The former Blue Jay also reiterated again that he was never offered a contract extension at any time prior to the trade, despite some comments and reports to the contrary. We’ll likely never know the full truth of the situation, but it’s more than clear that Stroman didn’t feel wanted in Toronto, and he wasn’t happy with Ross Atkins, Mark Shapiro, and the rest of the front office staff for sending him packing.

I can’t help but think about how there were other recent Blue Jays were didn’t have the kindest comments one they had traded uniforms. Troy Tulowitzki was quite vocal this spring and vowed to show the Blue Jays that they made a mistake in letting him go and paying out his salary so he could play somewhere else. Unfortunately for the former All-Star, no amount of motivation was enough to change that, and hopefully he’ll be a little more understanding of the Blue Jays’ stance on things now, even if it’s a tough pride pill to swallow.

Going back further, Josh Donaldson didn’t have glowing remarks for the front office on his way to Cleveland either, and had expressed some interest in sticking around in Toronto for the next generation of this team. That obviously didn’t happen, nor did it for a tearful Encarnacion as he signed a contract in Cleveland despite reportedly wanting to stay north of the border as well.

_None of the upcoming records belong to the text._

Definition roof_lattice u := forall e, in_mideal e -> exists y, corresponds (val e *: u) y.

Lemma corresponds_lattice u y : corresponds u y -> roof_lattice u.
Proof. by move=> uy e _; exists (mact e y); apply: correspondsZ. Qed.

Lemma roof_latticeD u u' : roof_lattice u -> roof_lattice u' -> roof_lattice (u + u').
Proof.
move=> hu hu' e e_lt1; have [y uy] := hu e e_lt1; have [y' uy'] := hu' e e_lt1.
by exists (y + y'); rewrite scalerDr; apply: correspondsD.
Qed.

Lemma roof_latticeZ (a : K) u : abs a <= 1 -> roof_lattice u -> roof_lattice (a *: u).
Proof.
move=> a_le1 hu e e_lt1; have [y uy] := hu e e_lt1.
exists (mact (intring_of a_le1) y); rewrite scalerA mulrC -scalerA.
exact: (correspondsZ (intring_of a_le1) uy).
Qed.

Lemma roof_lattice_unit u : (forall i, abs (u 0 i) <= 1) -> roof_lattice u.
Proof.
move=> u_le1 e e_lt1; have [g' [e' [g'_lt1 e'_lt1 _ e_eq]]] := mideal_factor hK hval e_lt1.
have [x hx] := s_coker (fun i => intring_of (u_le1 i)) g'_lt1.
exists (mact e' (f x)), (intring1 hK) => [|ep _]; first exact: oner_neq0.
exists (mact ep (mact e' x)) => [i|]; first by rewrite !sZ hx !mxE e_eq /=; ring.
by rewrite !fZ (mact1 (a := intring1 hK)).
Qed.

Lemma roof_lattice_bounded u : roof_lattice u -> forall i, abs (val g * u 0 i) <= 1.
Proof.
move=> hu i; apply: (mideal_le1 hval) => e e_lt1; rewrite -absM //.
apply: (mideal_le1 hval) => e'' e''_lt1; rewrite -absM //.
have [y uy] := hu e e_lt1; have [x hx] := f_coker y e''_lt1.
have /(correspondsZ g) /(correspondsZ e'') := uy.
move=> /corresponds_roof /(_ hx) /(_ i); rewrite !mxE => sx.
by have := valP (s i x); rewrite sx; congr (_ <= _); congr abs; ring.
Qed.

Section Graph.
Hypothesis htors : almost_torsion_free M.
Variable B : 'M[K]_r.
Hypothesis B_unit : B \in unitmx.
Hypothesis lattice_lb : forall (v : 'rV[K]_r) (e : K), (forall i, abs (v 0 i) <= 1) ->
  abs e < 1 -> roof_lattice (e *: (v *m B)).
Hypothesis lattice_ub : forall u, roof_lattice u ->
  exists2 v : 'rV[K]_r, (forall i, abs (v 0 i) <= 1) & u = v *m B.

Definition in_graph (p : 'rV[K]_r * M) :=
  (forall i, abs (p.1 0 i) <= 1) /\ corresponds (p.1 *m B) p.2.

Definition graph_pred : {pred 'rV[K]_r * M} := fun p => `[< in_graph p >].

Lemma graph_predP p : reflect (in_graph p) (p \in graph_pred).
Proof. exact: asboolP. Qed.

Fact graph_pred_zmod_closed : zmod_closed graph_pred.
Proof.
split.
  apply/graph_predP; split=> [i|]; first by rewrite mxE abs0 // ler01.
  by rewrite mul0mx; apply: corresponds0.
move=> [u y] [u' y'] /graph_predP[u_le1 uy] /graph_predP[u'_le1 uy'].
apply/graph_predP; split=> [i|] /=; last by rewrite mulmxBl; apply/correspondsD/correspondsN.
by rewrite !mxE; apply: absD_le => //; rewrite absN.
Qed.

HB.instance Definition _ := GRing.isZmodClosed.Build _ graph_pred graph_pred_zmod_closed.

Inductive graph : predArgType := Graph p of p \in graph_pred.
Definition graph_val w := let: Graph p _ := w in p.
HB.instance Definition _ := [isSub for graph_val].
HB.instance Definition _ := [Choice of graph by <:].
HB.instance Definition _ := [SubChoice_isSubZmodule of graph by <:].

Lemma graph_valP w : in_graph (graph_val w).
Proof. by case: w => p hp; apply/graph_predP. Qed.

Definition pair_act a (p : 'rV[K]_r * M) := (val a *: p.1, mact a p.2).

Lemma pair_act_graph a p : p \in graph_pred -> pair_act a p \in graph_pred.
Proof.
move=> /graph_predP[u_le1 uy]; apply/graph_predP; split => [i|] /=.
  by rewrite mxE absM //; apply: mulr_ile1; rewrite ?abs_ge0 ?(valP a).
by rewrite -scalemxAl; apply: correspondsZ.
Qed.

Definition graph_act a (w : graph) : graph :=
  let: Graph p hp := w in Graph (pair_act_graph a hp).

Lemma graph_actE a w : graph_val (graph_act a w) = pair_act a (graph_val w).
Proof. by case: w. Qed.

Lemma graph_val_inj : injective graph_val. Proof. exact: val_inj. Qed.

Lemma graph_valD : {morph graph_val : w w' / w + w'}. Proof. by []. Qed.

Lemma graph_actDr a : {morph graph_act a : w w' / w + w'}.
Proof.
move=> w w'; apply: graph_val_inj; rewrite !(graph_valD, graph_actE) /pair_act.
by case: (graph_val w) (graph_val w') => [u y] [u' y'] /=; rewrite scalerDr mactDr.
Qed.

Lemma graph_actDl a b c w : val c = val a + val b ->
  graph_act c w = graph_act a w + graph_act b w.
Proof.
move=> cab; apply: graph_val_inj; rewrite !(graph_valD, graph_actE) /pair_act.
by case: (graph_val w) => u y /=; rewrite cab scalerDl (mactDl y cab).
Qed.

Lemma graph_actA a b c w : val c = val a * val b ->
  graph_act c w = graph_act a (graph_act b w).
Proof.
move=> cab; apply: graph_val_inj; rewrite !graph_actE /pair_act.
by case: (graph_val w) => u y /=; rewrite cab scalerA (mactA y cab).
Qed.

Lemma graph_act1 a w : val a = 1 -> graph_act a w = w.
Proof.
move=> a1; apply: graph_val_inj; rewrite graph_actE /pair_act.
by case: (graph_val w) => u y /=; rewrite a1 scale1r (mact1 y a1).
Qed.

Definition graph_omod : omod abs := OMod graph_actDr graph_actDl graph_actA graph_act1.

Definition graph_coord i (w : graph_omod) : intring abs :=
  intring_of ((graph_valP w).1 i).

Definition graph_proj (w : graph_omod) : M := (graph_val w).2.

Lemma corresponds0_almost_zero y : corresponds 0 y -> forall e, in_mideal e -> mact e y = 0.
Proof.
move=> [c c0 hc]; have [e' e'_lt1 e'_neq0] := exists_mideal_neq0 hval.
have [x hx fx] := hc e' e'_lt1.
have sx0 i : val (s i x) = 0 by rewrite hx scaler0 mxE.
have := congr1 f (s_ker e'_lt1 sx0); rewrite fZ fx (addmorph0 fD) !mactM.
by apply: htors; rewrite !mulf_neq0.
Qed.

Lemma graph_coord_almost_iso : almost_iso_free graph_coord.
Proof.
split=> [i|e w e_lt1 w0|e v e_lt1].
- by split=> [w w'|a w]; rewrite /graph_coord /= ?graph_actE !mxE.
- have u0 : (graph_val w).1 = 0 by apply/rowP => i; rewrite mxE; apply: w0.
  have [_] := graph_valP w; rewrite u0 mul0mx => /corresponds0_almost_zero /(_ e e_lt1) ey0.
  by apply: graph_val_inj; rewrite graph_actE /pair_act u0 ey0 scaler0.
- have [g' [e' [g'_lt1 e'_lt1 _ e_eq]]] := mideal_factor hK hval e_lt1.
  pose v' := \row_i val (v i).
  have v'_le1 i : abs (v' 0 i) <= 1 by rewrite mxE; exact: (valP (v i)).
  have [y hy] := lattice_lb v'_le1 g'_lt1 e'_lt1.
  have hp : (val e *: v', y) \in graph_pred.
    apply/graph_predP; split=> [i|] /=.
      by rewrite mxE absM //; apply: mulr_ile1; rewrite ?abs_ge0 ?(ltW e_lt1).
    by rewrite -scalemxAl e_eq -scalerA.
  by exists (Graph hp) => i; rewrite /graph_coord /= !mxE.
Qed.

Lemma graph_proj_almost_iso : almost_iso graph_proj.
Proof.
split=> [|e w e_lt1 w0|e y e_lt1].
- by split=> [w w'|a w]; rewrite /graph_proj /= ?graph_actE.
- have [_ uy] := graph_valP w; rewrite /graph_proj in w0; rewrite w0 in uy.
  have /(congr1 (mulmx^~ (invmx B))) := corresponds_inj uy (fun e' _ => mactr0 _ e').
  rewrite mulmxK // mul0mx => u0.
  suff -> : w = 0 by apply: mactr0.
  by apply: graph_val_inj; case: (graph_val w) u0 w0 => ? ? /= -> ->.
- have [u uy] := corresponds_surj y.
  have [v v_le1 uv] := lattice_ub (corresponds_lattice uy).
  have hp : (val e *: v, mact e y) \in graph_pred.
    apply/graph_predP; split=> [i|] /=.
      by rewrite mxE absM //; apply: mulr_ile1; rewrite ?abs_ge0 ?(ltW e_lt1).
    by rewrite -scalemxAl -uv; apply: correspondsZ.
  by exists (Graph hp).
Qed.

End Graph.

Lemma roof_almost_iso_to_free : spherically_complete abs -> almost_torsion_free M ->
  almost_iso_to_free M r.
Proof.
move=> hsph htors.
have [B B_unit [lattice_lb lattice_ub]] := almost_lattice_basis hK hsph hval g_neq0
  roof_latticeD roof_latticeZ roof_lattice_unit roof_lattice_bounded.
exists (graph_omod B), (@graph_coord B), (@graph_proj B); split.
  exact (graph_coord_almost_iso htors lattice_lb).
exact (graph_proj_almost_iso B_unit lattice_ub).
Qed.

End Roof.

Lemma almost_finite_free_torsion M r : almost_finite_free M r -> almost_torsion_free M.
Proof.
move=> hM y c c0 cy0 e e_lt1.
have [g [e' [g_lt1 e'_lt1 g_neq0 e_eq]]] := mideal_factor hK hval e_lt1.
have [X [s [f hroof]]] := almost_finite_free_roof hM g_lt1.
have -> : mact e y = mact e' (mact g y) by rewrite mactM; apply: eq_mact.
exact (roof_torsion hroof g_neq0 c0 cy0 e'_lt1).
Qed.

End AlmostFiniteFree.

"“I’ve made the all-star game. I had a Gold Glove. I threw back-to-back (seasons) of 200 innings and I never heard a word from any of those guys (in the front office)…..“There was nothing offered ever from their perspective,” Stroman says of Jays GM Ross Atkins’ comments that there were some talks. “If they do say that, it’s a complete lie. It is what it is. That’s the truth. I’m not going to beat around that.“It’s pretty apparent. I’ve been waiting to take some type of deal since I’ve been there. I’ve been offered nothing.”"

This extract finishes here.